> _YOUR OBJECTIVE_
Whenever a line carries the word "integer", pull it out of the entries.

> _RECORDED INFORMATION_

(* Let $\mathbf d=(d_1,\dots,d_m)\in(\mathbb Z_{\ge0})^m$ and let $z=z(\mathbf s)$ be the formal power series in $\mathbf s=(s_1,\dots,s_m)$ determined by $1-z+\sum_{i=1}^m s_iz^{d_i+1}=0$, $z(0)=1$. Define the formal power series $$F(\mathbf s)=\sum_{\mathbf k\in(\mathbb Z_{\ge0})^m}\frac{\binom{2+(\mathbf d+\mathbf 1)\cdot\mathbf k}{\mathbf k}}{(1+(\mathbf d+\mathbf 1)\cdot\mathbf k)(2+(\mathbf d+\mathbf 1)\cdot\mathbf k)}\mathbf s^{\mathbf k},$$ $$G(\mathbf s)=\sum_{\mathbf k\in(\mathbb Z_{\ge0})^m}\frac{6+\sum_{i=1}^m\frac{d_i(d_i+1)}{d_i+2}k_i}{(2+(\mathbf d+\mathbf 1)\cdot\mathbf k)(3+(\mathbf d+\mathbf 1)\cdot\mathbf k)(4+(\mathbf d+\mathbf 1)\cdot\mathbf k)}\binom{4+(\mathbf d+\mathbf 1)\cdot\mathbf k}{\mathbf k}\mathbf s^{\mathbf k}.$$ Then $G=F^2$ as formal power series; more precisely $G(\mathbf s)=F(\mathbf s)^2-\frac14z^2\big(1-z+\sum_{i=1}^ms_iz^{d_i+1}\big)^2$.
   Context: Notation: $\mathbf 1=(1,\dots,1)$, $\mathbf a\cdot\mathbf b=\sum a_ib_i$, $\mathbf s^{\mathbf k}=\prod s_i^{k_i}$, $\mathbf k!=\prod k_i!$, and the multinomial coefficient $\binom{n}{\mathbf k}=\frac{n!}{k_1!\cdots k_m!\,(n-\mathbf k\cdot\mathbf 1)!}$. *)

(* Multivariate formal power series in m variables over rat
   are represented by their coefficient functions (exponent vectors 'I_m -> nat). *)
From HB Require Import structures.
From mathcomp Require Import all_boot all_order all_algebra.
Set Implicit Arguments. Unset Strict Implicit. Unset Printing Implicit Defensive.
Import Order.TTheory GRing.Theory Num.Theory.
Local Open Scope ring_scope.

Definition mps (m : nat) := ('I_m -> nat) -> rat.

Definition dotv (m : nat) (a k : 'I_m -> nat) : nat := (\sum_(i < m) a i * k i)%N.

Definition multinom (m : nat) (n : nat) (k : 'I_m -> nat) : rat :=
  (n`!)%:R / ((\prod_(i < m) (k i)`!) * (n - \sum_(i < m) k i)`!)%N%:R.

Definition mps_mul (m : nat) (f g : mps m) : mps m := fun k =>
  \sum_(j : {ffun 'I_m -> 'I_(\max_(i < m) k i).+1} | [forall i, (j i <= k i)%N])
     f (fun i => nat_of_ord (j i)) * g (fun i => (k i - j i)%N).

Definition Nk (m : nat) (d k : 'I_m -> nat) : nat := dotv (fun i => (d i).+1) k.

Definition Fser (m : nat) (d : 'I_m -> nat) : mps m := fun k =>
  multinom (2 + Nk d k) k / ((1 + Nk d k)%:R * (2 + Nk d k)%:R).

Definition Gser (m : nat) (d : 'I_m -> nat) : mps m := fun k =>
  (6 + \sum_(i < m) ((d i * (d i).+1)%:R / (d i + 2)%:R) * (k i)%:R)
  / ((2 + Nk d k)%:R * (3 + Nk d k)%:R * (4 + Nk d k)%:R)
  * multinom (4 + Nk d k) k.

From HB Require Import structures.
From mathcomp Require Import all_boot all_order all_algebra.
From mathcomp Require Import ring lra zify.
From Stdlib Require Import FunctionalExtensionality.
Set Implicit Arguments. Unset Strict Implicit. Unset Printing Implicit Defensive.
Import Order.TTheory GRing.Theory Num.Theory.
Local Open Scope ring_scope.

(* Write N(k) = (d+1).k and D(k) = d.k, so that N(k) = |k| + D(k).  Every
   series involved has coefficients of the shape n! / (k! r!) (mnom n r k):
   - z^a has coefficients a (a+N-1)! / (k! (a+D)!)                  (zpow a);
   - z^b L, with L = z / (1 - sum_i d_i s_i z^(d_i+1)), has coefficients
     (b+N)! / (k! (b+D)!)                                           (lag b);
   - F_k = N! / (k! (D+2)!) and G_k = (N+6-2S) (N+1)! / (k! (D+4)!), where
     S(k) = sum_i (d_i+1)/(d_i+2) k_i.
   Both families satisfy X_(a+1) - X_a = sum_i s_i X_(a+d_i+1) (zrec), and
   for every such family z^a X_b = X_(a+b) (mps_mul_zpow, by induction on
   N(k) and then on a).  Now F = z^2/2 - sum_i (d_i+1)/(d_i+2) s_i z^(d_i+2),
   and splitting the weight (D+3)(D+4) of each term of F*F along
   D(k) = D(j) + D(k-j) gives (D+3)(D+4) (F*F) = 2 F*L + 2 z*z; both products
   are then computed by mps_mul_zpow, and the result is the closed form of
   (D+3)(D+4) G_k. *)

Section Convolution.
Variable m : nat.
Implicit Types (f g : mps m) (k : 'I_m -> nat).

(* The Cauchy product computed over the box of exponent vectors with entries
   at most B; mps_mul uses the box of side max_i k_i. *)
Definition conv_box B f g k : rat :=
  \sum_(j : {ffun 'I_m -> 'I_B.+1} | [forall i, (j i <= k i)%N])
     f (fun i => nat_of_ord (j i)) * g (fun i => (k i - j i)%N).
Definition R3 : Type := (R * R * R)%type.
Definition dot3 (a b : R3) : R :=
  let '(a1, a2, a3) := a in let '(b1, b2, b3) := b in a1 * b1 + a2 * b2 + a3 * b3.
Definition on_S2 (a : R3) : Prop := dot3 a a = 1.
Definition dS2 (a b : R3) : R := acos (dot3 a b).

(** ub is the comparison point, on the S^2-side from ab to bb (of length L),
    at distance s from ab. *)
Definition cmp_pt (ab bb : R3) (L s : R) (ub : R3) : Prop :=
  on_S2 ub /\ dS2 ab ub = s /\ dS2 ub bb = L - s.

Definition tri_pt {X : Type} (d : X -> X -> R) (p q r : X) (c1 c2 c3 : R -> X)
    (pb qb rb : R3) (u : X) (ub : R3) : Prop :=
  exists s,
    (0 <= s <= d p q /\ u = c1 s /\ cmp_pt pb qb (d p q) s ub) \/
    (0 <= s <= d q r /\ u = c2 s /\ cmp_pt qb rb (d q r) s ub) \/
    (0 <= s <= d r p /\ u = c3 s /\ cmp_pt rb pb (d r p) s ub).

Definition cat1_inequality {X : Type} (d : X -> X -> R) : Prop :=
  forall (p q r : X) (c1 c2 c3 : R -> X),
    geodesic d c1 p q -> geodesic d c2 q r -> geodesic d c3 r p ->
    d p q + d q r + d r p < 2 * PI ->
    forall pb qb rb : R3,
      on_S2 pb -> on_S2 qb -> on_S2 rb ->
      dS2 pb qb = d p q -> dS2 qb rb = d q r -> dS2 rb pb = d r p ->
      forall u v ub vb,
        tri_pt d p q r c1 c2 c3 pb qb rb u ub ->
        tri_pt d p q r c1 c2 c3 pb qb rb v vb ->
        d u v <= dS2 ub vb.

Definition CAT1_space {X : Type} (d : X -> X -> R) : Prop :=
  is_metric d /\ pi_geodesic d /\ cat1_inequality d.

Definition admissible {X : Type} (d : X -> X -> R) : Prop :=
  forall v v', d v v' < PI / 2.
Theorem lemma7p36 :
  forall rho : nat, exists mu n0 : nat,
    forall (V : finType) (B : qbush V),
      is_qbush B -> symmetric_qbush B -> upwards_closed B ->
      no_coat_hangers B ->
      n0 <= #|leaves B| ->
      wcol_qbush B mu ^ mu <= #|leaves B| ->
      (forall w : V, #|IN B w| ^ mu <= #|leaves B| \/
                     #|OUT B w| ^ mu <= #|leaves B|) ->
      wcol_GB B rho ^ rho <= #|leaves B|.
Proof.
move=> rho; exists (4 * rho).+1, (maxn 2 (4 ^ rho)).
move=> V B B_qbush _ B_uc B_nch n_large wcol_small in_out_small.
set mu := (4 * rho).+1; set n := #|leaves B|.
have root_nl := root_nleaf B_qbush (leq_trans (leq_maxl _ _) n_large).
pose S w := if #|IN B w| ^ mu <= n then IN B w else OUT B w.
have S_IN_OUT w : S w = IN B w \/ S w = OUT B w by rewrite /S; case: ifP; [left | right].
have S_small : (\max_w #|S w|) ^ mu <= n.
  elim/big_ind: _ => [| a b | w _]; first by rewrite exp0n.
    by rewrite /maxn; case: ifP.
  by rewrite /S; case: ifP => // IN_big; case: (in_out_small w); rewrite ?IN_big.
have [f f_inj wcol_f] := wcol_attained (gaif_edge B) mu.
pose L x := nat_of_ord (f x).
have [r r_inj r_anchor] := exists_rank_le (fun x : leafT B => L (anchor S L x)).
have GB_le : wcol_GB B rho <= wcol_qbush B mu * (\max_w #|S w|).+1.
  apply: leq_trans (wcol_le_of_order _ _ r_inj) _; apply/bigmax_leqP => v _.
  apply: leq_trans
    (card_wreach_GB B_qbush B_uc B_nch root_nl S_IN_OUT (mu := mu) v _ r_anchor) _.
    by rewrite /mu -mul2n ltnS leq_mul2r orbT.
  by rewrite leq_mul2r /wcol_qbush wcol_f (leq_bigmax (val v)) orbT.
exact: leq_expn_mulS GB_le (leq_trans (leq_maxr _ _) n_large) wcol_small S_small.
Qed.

---

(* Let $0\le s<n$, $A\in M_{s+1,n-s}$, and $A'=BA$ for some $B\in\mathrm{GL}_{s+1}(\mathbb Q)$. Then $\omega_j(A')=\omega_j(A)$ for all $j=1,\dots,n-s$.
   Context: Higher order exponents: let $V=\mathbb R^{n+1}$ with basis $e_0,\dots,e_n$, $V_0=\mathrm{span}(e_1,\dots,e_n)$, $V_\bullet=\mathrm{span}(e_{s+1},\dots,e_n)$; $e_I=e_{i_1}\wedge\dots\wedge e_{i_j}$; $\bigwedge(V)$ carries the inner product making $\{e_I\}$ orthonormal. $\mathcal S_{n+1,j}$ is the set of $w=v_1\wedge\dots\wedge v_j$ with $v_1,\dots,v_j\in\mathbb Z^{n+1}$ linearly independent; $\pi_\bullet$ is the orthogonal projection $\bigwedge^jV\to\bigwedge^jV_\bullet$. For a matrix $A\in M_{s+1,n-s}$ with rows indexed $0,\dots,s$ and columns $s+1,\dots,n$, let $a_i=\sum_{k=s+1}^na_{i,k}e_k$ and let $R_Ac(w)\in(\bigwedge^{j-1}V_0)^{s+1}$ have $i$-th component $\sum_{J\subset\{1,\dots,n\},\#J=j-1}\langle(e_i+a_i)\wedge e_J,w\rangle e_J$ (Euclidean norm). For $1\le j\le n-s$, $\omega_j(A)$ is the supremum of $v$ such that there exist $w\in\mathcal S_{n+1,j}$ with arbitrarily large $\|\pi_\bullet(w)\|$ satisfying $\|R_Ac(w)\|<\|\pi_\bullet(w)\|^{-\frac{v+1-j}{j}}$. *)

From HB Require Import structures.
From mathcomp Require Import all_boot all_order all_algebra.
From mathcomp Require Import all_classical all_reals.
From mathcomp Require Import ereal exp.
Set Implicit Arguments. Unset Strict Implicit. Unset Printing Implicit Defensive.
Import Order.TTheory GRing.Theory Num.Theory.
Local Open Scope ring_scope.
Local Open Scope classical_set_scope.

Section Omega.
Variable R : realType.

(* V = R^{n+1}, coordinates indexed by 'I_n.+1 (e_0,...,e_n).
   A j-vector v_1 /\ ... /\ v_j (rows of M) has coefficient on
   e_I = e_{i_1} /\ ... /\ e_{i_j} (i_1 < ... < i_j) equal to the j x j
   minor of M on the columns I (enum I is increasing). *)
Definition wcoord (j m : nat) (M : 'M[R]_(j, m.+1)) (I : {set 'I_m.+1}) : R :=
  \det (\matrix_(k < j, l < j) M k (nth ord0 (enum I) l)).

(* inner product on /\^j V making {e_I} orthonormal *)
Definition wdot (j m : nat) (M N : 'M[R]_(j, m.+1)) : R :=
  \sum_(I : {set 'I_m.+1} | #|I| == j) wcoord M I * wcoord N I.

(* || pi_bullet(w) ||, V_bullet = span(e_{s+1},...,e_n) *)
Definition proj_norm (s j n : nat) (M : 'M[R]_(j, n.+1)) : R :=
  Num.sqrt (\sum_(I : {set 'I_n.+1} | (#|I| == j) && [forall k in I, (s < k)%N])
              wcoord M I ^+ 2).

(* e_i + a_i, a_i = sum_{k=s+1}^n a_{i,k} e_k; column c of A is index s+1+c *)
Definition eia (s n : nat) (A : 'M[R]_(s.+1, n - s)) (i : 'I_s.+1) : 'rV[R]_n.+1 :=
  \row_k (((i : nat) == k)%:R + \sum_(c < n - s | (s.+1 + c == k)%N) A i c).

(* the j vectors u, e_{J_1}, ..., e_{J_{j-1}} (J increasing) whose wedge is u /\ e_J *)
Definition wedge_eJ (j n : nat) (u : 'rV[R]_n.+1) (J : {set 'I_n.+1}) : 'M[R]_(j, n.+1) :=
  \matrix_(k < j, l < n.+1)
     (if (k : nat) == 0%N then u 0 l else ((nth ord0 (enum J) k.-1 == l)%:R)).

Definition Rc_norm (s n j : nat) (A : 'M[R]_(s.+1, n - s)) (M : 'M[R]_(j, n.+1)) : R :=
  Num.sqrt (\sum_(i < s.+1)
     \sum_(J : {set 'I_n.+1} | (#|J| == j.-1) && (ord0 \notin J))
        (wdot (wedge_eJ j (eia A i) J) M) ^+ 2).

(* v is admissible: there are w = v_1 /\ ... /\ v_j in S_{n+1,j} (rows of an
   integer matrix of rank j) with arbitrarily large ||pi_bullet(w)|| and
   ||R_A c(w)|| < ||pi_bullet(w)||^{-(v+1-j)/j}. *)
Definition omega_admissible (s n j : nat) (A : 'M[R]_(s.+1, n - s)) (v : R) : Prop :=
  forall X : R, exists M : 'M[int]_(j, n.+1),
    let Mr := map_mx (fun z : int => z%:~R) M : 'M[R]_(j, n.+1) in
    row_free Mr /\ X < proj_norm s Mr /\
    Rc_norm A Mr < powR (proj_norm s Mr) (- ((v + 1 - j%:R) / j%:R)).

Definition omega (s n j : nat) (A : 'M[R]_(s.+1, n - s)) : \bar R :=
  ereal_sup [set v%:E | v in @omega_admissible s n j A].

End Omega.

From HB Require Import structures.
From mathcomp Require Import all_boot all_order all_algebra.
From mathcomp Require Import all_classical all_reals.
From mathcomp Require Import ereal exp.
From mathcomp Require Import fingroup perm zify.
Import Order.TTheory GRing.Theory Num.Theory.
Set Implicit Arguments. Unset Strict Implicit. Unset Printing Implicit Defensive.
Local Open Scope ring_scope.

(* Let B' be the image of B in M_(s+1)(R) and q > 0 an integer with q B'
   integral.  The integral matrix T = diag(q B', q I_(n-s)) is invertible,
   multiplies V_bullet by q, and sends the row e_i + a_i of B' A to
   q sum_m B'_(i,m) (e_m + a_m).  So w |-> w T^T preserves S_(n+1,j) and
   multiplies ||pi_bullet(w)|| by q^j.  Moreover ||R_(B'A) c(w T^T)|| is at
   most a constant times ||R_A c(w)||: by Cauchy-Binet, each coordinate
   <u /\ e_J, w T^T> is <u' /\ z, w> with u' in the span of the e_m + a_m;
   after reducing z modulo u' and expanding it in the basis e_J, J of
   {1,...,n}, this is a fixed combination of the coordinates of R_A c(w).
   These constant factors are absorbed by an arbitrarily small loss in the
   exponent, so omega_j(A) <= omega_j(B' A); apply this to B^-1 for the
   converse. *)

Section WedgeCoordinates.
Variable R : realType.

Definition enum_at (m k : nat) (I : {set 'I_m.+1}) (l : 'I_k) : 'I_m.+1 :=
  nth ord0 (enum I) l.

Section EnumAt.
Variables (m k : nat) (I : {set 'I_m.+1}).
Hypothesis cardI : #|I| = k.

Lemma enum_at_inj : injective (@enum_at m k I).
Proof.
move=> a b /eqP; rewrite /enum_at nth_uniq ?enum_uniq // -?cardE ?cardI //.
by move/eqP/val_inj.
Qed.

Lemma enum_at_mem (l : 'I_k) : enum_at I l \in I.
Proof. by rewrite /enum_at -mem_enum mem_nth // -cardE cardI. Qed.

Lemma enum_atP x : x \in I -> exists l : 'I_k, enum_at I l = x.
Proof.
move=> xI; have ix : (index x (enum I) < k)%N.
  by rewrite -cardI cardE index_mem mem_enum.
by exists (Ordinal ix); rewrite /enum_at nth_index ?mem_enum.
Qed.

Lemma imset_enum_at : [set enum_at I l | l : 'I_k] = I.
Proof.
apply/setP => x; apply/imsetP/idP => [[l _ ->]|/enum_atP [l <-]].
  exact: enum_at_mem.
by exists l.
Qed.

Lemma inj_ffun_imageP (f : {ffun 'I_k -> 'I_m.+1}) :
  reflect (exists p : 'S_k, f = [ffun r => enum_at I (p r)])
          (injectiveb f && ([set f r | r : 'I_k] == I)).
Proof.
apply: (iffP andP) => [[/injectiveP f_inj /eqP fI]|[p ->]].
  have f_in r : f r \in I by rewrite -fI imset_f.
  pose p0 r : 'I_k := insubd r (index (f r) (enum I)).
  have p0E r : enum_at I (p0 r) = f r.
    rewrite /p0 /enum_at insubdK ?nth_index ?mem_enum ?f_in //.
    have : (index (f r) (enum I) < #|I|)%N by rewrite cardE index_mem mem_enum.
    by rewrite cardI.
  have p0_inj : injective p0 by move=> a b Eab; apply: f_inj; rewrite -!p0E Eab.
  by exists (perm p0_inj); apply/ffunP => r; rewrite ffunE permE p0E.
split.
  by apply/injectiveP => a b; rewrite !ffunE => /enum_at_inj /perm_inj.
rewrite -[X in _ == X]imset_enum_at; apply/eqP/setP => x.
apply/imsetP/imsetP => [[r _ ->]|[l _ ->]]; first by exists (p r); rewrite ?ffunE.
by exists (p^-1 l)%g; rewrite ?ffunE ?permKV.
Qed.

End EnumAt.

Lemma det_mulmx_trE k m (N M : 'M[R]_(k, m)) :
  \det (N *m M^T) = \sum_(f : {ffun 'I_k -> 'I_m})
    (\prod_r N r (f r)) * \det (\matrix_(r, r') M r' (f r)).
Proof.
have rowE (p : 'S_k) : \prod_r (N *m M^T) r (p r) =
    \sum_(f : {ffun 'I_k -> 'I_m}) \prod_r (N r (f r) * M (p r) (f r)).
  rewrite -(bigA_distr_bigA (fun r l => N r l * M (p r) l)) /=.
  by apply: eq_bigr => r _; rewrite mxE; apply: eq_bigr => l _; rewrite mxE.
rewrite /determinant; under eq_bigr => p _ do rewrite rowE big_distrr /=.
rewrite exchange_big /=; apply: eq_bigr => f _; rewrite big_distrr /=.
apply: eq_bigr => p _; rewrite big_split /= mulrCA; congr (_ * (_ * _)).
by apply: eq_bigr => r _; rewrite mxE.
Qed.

* * *

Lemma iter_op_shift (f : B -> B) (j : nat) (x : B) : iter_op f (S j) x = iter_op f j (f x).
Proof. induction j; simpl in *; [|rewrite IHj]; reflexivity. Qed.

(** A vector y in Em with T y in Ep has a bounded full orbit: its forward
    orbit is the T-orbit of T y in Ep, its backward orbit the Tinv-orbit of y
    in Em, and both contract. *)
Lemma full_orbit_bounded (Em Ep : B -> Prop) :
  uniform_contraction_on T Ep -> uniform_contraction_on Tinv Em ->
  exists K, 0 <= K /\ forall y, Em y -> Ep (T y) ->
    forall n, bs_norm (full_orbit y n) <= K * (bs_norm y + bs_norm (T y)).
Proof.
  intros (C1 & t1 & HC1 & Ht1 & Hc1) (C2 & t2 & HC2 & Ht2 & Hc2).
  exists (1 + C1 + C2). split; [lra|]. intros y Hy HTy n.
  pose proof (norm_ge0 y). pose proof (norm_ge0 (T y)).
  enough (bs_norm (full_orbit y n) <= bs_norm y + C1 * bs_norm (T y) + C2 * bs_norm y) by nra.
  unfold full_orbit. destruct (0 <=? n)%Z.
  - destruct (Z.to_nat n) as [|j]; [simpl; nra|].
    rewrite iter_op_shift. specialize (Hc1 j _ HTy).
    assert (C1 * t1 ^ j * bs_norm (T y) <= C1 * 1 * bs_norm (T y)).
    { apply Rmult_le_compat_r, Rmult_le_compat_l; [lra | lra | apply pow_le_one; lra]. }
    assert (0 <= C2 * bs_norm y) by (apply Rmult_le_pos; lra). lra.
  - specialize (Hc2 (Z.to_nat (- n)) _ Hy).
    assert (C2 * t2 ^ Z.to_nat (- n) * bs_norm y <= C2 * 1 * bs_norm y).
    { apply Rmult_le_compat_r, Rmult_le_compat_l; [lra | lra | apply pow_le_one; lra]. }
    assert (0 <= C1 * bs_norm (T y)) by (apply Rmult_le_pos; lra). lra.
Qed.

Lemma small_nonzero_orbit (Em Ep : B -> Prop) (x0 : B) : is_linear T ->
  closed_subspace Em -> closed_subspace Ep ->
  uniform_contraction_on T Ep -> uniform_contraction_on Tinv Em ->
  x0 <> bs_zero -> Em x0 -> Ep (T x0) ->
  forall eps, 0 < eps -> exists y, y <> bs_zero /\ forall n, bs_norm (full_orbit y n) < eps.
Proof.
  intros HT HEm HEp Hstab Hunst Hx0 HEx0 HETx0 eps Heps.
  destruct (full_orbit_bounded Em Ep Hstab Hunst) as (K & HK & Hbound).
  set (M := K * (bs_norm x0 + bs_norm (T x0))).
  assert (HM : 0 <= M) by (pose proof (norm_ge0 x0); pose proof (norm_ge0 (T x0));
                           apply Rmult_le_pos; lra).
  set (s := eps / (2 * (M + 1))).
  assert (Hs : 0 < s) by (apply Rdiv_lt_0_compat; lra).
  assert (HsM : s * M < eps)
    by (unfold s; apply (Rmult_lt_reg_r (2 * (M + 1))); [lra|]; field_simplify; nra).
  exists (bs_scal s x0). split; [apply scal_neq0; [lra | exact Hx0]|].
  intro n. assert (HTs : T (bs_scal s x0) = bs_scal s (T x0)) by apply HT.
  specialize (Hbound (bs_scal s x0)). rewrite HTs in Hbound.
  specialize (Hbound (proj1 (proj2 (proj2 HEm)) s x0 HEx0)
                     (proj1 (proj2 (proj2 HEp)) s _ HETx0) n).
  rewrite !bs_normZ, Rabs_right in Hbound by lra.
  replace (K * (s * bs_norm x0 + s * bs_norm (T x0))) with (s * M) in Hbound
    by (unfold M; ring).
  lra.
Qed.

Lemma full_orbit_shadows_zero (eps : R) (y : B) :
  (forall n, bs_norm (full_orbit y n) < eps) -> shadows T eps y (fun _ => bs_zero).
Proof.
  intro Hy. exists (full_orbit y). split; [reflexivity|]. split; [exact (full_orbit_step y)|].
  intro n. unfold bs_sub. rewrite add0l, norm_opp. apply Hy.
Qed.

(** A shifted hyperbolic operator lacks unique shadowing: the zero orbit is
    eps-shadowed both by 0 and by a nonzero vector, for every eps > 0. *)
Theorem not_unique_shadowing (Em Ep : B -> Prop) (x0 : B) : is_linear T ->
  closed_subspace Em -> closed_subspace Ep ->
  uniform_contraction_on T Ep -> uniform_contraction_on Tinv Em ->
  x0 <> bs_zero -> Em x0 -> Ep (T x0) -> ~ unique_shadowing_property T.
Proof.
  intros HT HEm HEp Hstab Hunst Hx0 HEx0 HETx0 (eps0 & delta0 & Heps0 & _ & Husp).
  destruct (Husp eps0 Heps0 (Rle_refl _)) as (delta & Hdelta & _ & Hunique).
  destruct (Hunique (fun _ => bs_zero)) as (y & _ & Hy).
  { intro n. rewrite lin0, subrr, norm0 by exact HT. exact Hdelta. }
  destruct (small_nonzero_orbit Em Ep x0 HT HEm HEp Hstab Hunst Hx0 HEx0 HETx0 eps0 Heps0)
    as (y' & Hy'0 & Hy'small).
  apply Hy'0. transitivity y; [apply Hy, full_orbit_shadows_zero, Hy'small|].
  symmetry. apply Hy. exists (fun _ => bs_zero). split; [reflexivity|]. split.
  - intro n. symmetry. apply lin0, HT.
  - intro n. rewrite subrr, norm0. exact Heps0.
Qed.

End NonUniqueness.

> _REPLY_
   integer matrix of rank j) with arbitrarily large ||pi_bullet(w)|| and
(* Let B' be the image of B in M_(s+1)(R) and q > 0 an integer with q B'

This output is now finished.